My hope is that this can be a showcase of the power that wordpress has and that we can lead the way for other universities to use this wonderful software.

8 Comments, RSS

  1. David July 24, 2008 @ 7:02 pm

    Howdy Ryan: Didn’t see a contact place, so here it goes. I live near San Angelo out in the country. Having a hard time with some aspects of WP due to being a newbie and old- two hard things at the same time. Do you do any consulting-answer questions or such?….let me know feedburner is the current problem

  2. Tricia September 18, 2008 @ 1:32 pm

    Hey Ryan, long time no see! The new TTT is so impressive, I love it. Thank goodness you’ve made it so much easier because it was definitely a pain. Great work (and nice website) 🙂

  3. Brad Miller September 26, 2008 @ 11:54 am

    A. Have a header image map question. I’m not a programmer and want to make the Contact Us portion of the header link to: http://redhousemedia.com. Can you either:
    1. Tell me how to do it.
    2. Do it for me and I’ll compensate you.
    3. Point me to a specific fix for this type of thing.

    B. http://bniscramble.com| I’m trying to create sub nav items for the blog (seen lower right). To keep them off the main menu, I privatized them. Now one can’t see them if not logged in. What other solution is there for creating sub-nav pages that WILL show for the Non-Logged in public?

  4. Ryan September 29, 2008 @ 6:32 pm

    Hi Tricia, thanks for your comments 😉 I had been working on it for a few months and we launched this summer. It’s been so much easier for everyone to post and manage stories, plus the writers post news releases and everything is all together in one site and searchable. I’m glad we made the switch from static dreamweaver pages. There is so much more we can do and more efficiently than the old way.

    Sorry for taking so long to respond, but I’ve set up the option to where I get an email anytime someone makes a comment.
    What are you doing at Baylor?

  5. Ryan September 29, 2008 @ 6:49 pm


    I sent you an email regarding your questions.
    Thank you.

  6. Tricia October 27, 2008 @ 8:45 pm

    I’m a Communications Specialist for the School of Social Work, which means I manage all of their websites and a few databases.
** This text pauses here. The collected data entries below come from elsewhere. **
Lemma submod_lattice : subgroup_lattice (@submod R M).
Proof. split; [exact: submod0|exact: submodB|exact: submod_meet|exact: submod_add]. Qed.

Lemma submod_zero : submod (@zeroM R M).
Proof. by split; [|split=> [_ _ -> ->|_ r ->]]; rewrite /zeroM ?subr0 ?ract0m. Qed.

Lemma submod_full : submod (@fullS M).
Proof. by []. Qed.

End Submodules.

Section Annihilators.
Variables (R : nzRingType) (M : lmodType R^c).
Implicit Types (x : M) (xs : seq M) (L : M -> Prop) (K E V N : R -> Prop).

Definition ann_elt x : R -> Prop := fun r => ract x r = 0.
Definition ann_seq xs : R -> Prop := fun r => forall x, x \in xs -> ract x r = 0.
Definition ract_image x K : M -> Prop := fun m => exists k, K k /\ m = ract x k.
Definition ract_preimage x K L : R -> Prop := fun k => K k /\ L (ract x k).

Lemma right_ideal_ann_elt x : right_ideal (ann_elt x).
Proof.
split; first split.
- exact: ract0.
- by move=> a b xa xb; rewrite /ann_elt ractBr xa xb subr0.
- by move=> a r xa; rewrite /ann_elt -ractA xa ract0m.
Qed.

Lemma ann_seq_cons x xs r : ann_seq (x :: xs) r <-> ract x r = 0 /\ ann_seq xs r.
Proof.
split=> [H|[xr H] y]; first by split=> [|y xsy]; apply: H; rewrite inE ?xsy ?eqxx ?orbT.
by rewrite inE => /predU1P [->|/H].
Qed.

Lemma ann_seq_rem x xs r : x \in xs ->
  ann_seq xs r <-> ract x r = 0 /\ ann_seq (rem x xs) r.
Proof.
move=> xsx; rewrite -ann_seq_cons.
have xs_eq := perm_mem (perm_to_rem xsx).
by split=> H y; [rewrite -xs_eq|rewrite xs_eq]; apply: H.
Qed.

Lemma right_ideal_ann_seq xs : right_ideal (ann_seq xs).
Proof.
split; first split.
- by move=> x _; rewrite ract0.
- by move=> a b xsa xsb x xsx; rewrite ractBr xsa ?xsb ?subr0.
- by move=> a r xsa x xsx; rewrite -ractA xsa ?ract0m.
Qed.

Lemma ann_sub_ann_seq xs : subS (ann (@fullS M)) (ann_seq xs).
Proof. by move=> r Mr x _; apply: Mr. Qed.

Lemma ann_ideal L : submod L -> ideal (ann L).
Proof.
move=> SL; split; split; first split.
- by move=> m _; rewrite ract0.
- by move=> a b La Lb m Lm; rewrite ractBr La ?Lb ?subr0.
- by move=> a r La m Lm; rewrite -ractA La ?ract0m.
- by split=> [m _|a b La Lb m Lm]; rewrite ?ract0 ?ractBr ?La ?Lb ?subr0.
- by move=> a r La m Lm; rewrite -ractA La //; apply: submodM.
Qed.

Lemma submod_ract_image x K : right_ideal K -> submod (ract_image x K).
Proof.
move=> RK; split; [|split].
- by exists 0; rewrite ract0; split=> //; apply: right_ideal0.
- move=> _ _ [k [Kk ->]] [k' [Kk' ->]].
  by exists (k - k'); rewrite ractBr; split=> //; apply: right_idealB.
- move=> _ r [k [Kk ->]].
  by exists (k * r); rewrite ractA; split=> //; apply: right_idealM.
Qed.

Lemma right_ideal_ract_preimage x K L : right_ideal K -> submod L ->
  right_ideal (ract_preimage x K L).
Proof.
move=> RK SL; split; first split.
- by split; [apply: right_ideal0|rewrite ract0; apply: submod0].
- by move=> a b [? ?] [? ?]; split; [apply: right_idealB|rewrite ractBr; apply: submodB].
- by move=> a r [? ?]; split; [apply: right_idealM|rewrite -ractA; apply: submodM].
Qed.

Lemma devlt_ract_image x K o : right_ideal K ->
  devlt (@right_ideal R) (meetS K (ann_elt x)) K o ->
  devlt (@submod R M) (@zeroM R M) (ract_image x K) o.
Proof.
move=> RK H.
have Sx := submod_ract_image x RK.
apply: (devlt_embedding (S2 := @right_ideal R) (phi := ract_preimage x K)
          (lo := @zeroM R M) (hi := ract_image x K)).
- by move=> L [SL _]; apply: right_ideal_ract_preimage.
- move=> L1 L2 [_ [_ h1]] _; split=> [L12 r [Kr L1r]|L12 z L1z].
    by split=> //; apply: L12.
  have [k [Kk Ez]] := h1 z L1z.
  suff [_ L2k] : K k /\ L2 (ract x k) by rewrite Ez.
  by apply: L12; split=> //; rewrite -Ez.
- by split; [apply: submod_zero|split=> // _ ->; apply: submod0 Sx].
- by split=> //; split=> // _ ->; apply: submod0 Sx.
- by apply: devlt_subinterval H _ _ => // r [].
Qed.

Lemma devlt_ract_image_quotient x E V o :
  right_ideal E -> right_ideal V -> subS E V ->
  devlt (@submod R M) (ract_image x E) (ract_image x V) o ->
  devlt (@right_ideal R) (addS E (meetS V (ann_elt x))) V o.
Proof.
move=> RE RV EV H.
have RL := right_ideal_lattice R.
have RW : right_ideal (meetS V (ann_elt x)).
  by apply: right_ideal_meet => //; apply: right_ideal_ann_elt.
apply: (devlt_embedding (S2 := @submod R M) (phi := ract_image x)
          (lo := addS E (meetS V (ann_elt x))) (hi := V)).
- by move=> K [RK _]; apply: submod_ract_image.
- move=> K1 K2 [R1 [l1 h1]] [R2 [l2 h2]].
  split=> [K12 _ [k [K1k ->]]|K12 k K1k]; first by exists k; split=> //; apply: K12.
  have [k' [K2k' Ek]] := K12 _ (ex_intro _ k (conj K1k erefl)).
  have W_kk' : meetS V (ann_elt x) (k - k').
    by split; [apply: right_idealB; auto|rewrite /ann_elt ractBr Ek subrr].
  by rewrite -(subrK k' k); apply: (subD RL R2 _ K2k'); apply: l2; apply: (addS_r RL RE).
- have EWV : subS (addS E (meetS V (ann_elt x))) V by apply: (addS_lub RL RV EV) => z [].
  by split; [apply: right_ideal_add|split].
- by split=> //; split=> //; apply: (addS_lub RL RV EV) => z [].
- apply: devlt_subinterval H _ _ => // _ [k [Ek ->]].
  by exists k; split=> //; apply: (addS_l RL).
Qed.

Lemma devlt_critical L o : critical M -> nonzero_submod L ->
  devlt (@submod R M) (@zeroM R M) L o ->
  devlt (@submod R M) (@zeroM R M) (@fullS M) o.
Proof.
move=> crit LL H; have [oc [Hc Nc]] := crit L LL.
have [SL _] := LL.
have zN : subS (@zeroM R M) L by move=> _ ->; apply: submod0.
by case: (devlt_comb_max (submod_lattice M) (submod_zero M) SL (submod_full M) zN
  (fun _ _ => I) H Hc).
Qed.

Lemma exists_faithful_subideal A K xs : right_ideal K -> subS A K -> ~ subS K A ->
  subS A (ann_seq xs) -> subS (meetS K (ann_seq xs)) A ->
  exists K' x, x \in xs /\
    [/\ right_ideal K', subS A K', subS K' K, ~ subS K' A & subS (meetS K' (ann_elt x)) A].
Proof.
elim: xs K => [|x xs IH] K RK AK KA Axs KxsA.
  by case: KA => r Kr; apply: KxsA.
case: (classic (subS (meetS K (ann_elt x)) A)) => KxA.
  by exists K, x; split; [exact: mem_head|split].
have RKx : right_ideal (meetS K (ann_elt x)).
  by apply: right_ideal_meet => //; apply: right_ideal_ann_elt.
have [K' [y [xsy [RK' AK' K'K K'A K'yA]]]] := IH _ RKx
  (fun r Ar => conj (AK r Ar) (proj1 ((ann_seq_cons x xs r).1 (Axs r Ar))))
  KxA (fun r Ar => proj2 ((ann_seq_cons x xs r).1 (Axs r Ar)))
  (fun r '(conj (conj Kr xr) xsr) => KxsA r (conj Kr ((ann_seq_cons x xs r).2 (conj xr xsr)))).
by exists K', y; rewrite inE xsy orbT; split=> //; split=> // r /K'K [].
Qed.

Lemma ann_eq_ann_quot_preimage I x K L :
  right_ideal K -> subS I (ann_elt x) -> subS (meetS K (ann_elt x)) I ->
  subS L (ract_image x K) -> eqS (ann L) (ann_quot I (ract_preimage x K L)).
Proof.
move=> RK Ix KxI LK r.
split=> [Lr k [Kk Lk]|Hr _ /[dup] /LK [k [Kk ->]] Lk].
  by apply: KxI; split; [apply: right_idealM|rewrite /ann_elt -ractA; apply: Lr].
by rewrite ractA; apply/Ix/Hr.
Qed.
I’m interviewing right now for a Web Designer position with Electronic Communications though, wish me luck!

  7. Matt February 9, 2009 @ 10:33 am

    Hey Ryan,

    I am VERY impressed with the way you have been able to develop WP into a CMS. I would like to do many of the same things you are doing with TTT. I am just starting to learn code as I work my way along to WP mastering. Have you seen any quality CMS themes available? Be they ‘premium’ or not I could sure benefit from a boost to get things falling in place. Also, if you are so kind, what would be your short list of absolutely required plugins for a CMS site with WordPress. I will continue to check in on the TTT developments and feel free to check out my site next week about this time as I hope to have it completely renewed. Again, AWESOME job!

  8. Ryan February 10, 2009 @ 4:12 pm

    Hi Matt,

    Thanks for the kind words, I appreciate that.
    A good CMS-type theme I have seen and worked with is Thesis. It’s pretty customizable and flexible.
    As far as plugins, I really kinda create my own based on my needs, but there are thousands out there that provide pretty much any thing you can think of. A useful one is “More Fields”, that makes custom fields easier to use repetitively.
    The wordpress docs and codex is really good if you want to develop plugins and themes of your own.
    Good luck.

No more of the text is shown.